WHAT TO DO:
From the first line of the data through the line containing "Definition units : set", return each line exactly.
·····
(* Let $\mathcal{H}$ be an effective ample second countable Hausdorff groupoid with $\mathcal{H}^{(0)}$ a locally compact Cantor space. Then $\mathcal{H}$ embeds into $\mathcal{G}_{E_2}$ if and only if $\mathcal{H}\times\mathcal{R}$ embeds into $\mathcal{G}_{E_2}$.
   Context: ''Embeds'' means there is an injective étale homomorphism (groupoid homomorphism that is a local homeomorphism). Ample: étale with unit space Hausdorff with a basis of compact open sets; effective: interior of the isotropy $\{g:s(g)=r(g)\}$ equals the unit space. A locally compact Cantor space is a non-empty second countable Hausdorff space with a basis of compact open sets and no isolated points. $\mathcal{R}=\mathbb{N}\times\mathbb{N}$ with the discrete topology, $(k,m)(m,n)=(k,n)$, $(m,n)^{-1}=(n,m)$; $\mathcal{H}\times\mathcal{R}$ is the product groupoid. $E_2$ is the graph with one vertex $v$ and two loops $a,b$; $E_2^\infty$ is the space of infinite words in $\{a,b\}$ with the cylinder topology, $\sigma$ the shift, and $\mathcal{G}_{E_2}=\{(x,m-n,y):x,y\in E_2^\infty, m,n\ge0,\sigma^m(x)=\sigma^n(y)\}$ with $(x,k,y)(y,l,z)=(x,k+l,z)$, $(x,k,y)^{-1}=(y,-k,x)$, topology generated by $\{(x,m-n,y):x\in U,y\in V,\sigma^m(x)=\sigma^n(y)\}$ for open $U,V$ on which $\sigma^m,\sigma^n$ are injective with $\sigma^m(U)=\sigma^n(V)$. *)

From HB Require Import structures.
From mathcomp Require Import all_boot all_order all_algebra.
From mathcomp Require Import all_classical all_reals all_analysis.
From mathcomp Require Import zify ring lra.

Set Implicit Arguments.
Unset Strict Implicit.
Unset Printing Implicit Defensive.

Import Order.TTheory GRing.Theory Num.Theory.
Local Open Scope classical_set_scope.
Local Open Scope ring_scope.

(* is a total function whose values only matter on composable pairs.   *)

Record gpd_ops (G : Type) := GpdOps {
  gsrc : G -> G ;
  grng : G -> G ;
  gmul : G -> G -> G ;
  ginv : G -> G }.

Section Groupoid.
Context {G : Type} (o : gpd_ops G).

Definition units : set G := [set g | gsrc o g = g].

Definition composable (g h : G) : Prop := gsrc o g = grng o h.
·····
YOUR RESPONSE:
(* Let $\mathcal{H}$ be an effective ample second countable Hausdorff groupoid with $\mathcal{H}^{(0)}$ a locally compact Cantor space. Then $\mathcal{H}$ embeds into $\mathcal{G}_{E_2}$ if and only if $\mathcal{H}\times\mathcal{R}$ embeds into $\mathcal{G}_{E_2}$.
   Context: ''Embeds'' means there is an injective étale homomorphism (groupoid homomorphism that is a local homeomorphism). Ample: étale with unit space Hausdorff with a basis of compact open sets; effective: interior of the isotropy $\{g:s(g)=r(g)\}$ equals the unit space. A locally compact Cantor space is a non-empty second countable Hausdorff space with a basis of compact open sets and no isolated points. $\mathcal{R}=\mathbb{N}\times\mathbb{N}$ with the discrete topology, $(k,m)(m,n)=(k,n)$, $(m,n)^{-1}=(n,m)$; $\mathcal{H}\times\mathcal{R}$ is the product groupoid. $E_2$ is the graph with one vertex $v$ and two loops $a,b$; $E_2^\infty$ is the space of infinite words in $\{a,b\}$ with the cylinder topology, $\sigma$ the shift, and $\mathcal{G}_{E_2}=\{(x,m-n,y):x,y\in E_2^\infty, m,n\ge0,\sigma^m(x)=\sigma^n(y)\}$ with $(x,k,y)(y,l,z)=(x,k+l,z)$, $(x,k,y)^{-1}=(y,-k,x)$, topology generated by $\{(x,m-n,y):x\in U,y\in V,\sigma^m(x)=\sigma^n(y)\}$ for open $U,V$ on which $\sigma^m,\sigma^n$ are injective with $\sigma^m(U)=\sigma^n(V)$. *)

From HB Require Import structures.
From mathcomp Require Import all_boot all_order all_algebra.
From mathcomp Require Import all_classical all_reals all_analysis.
From mathcomp Require Import zify ring lra.

Set Implicit Arguments.
Unset Strict Implicit.
Unset Printing Implicit Defensive.

Import Order.TTheory GRing.Theory Num.Theory.
Local Open Scope classical_set_scope.
Local Open Scope ring_scope.

(* is a total function whose values only matter on composable pairs.   *)

Record gpd_ops (G : Type) := GpdOps {
  gsrc : G -> G ;
  grng : G -> G ;
  gmul : G -> G -> G ;
  ginv : G -> G }.

Section Groupoid.
Context {G : Type} (o : gpd_ops G).

Definition units : set G := [set g | gsrc o g = g].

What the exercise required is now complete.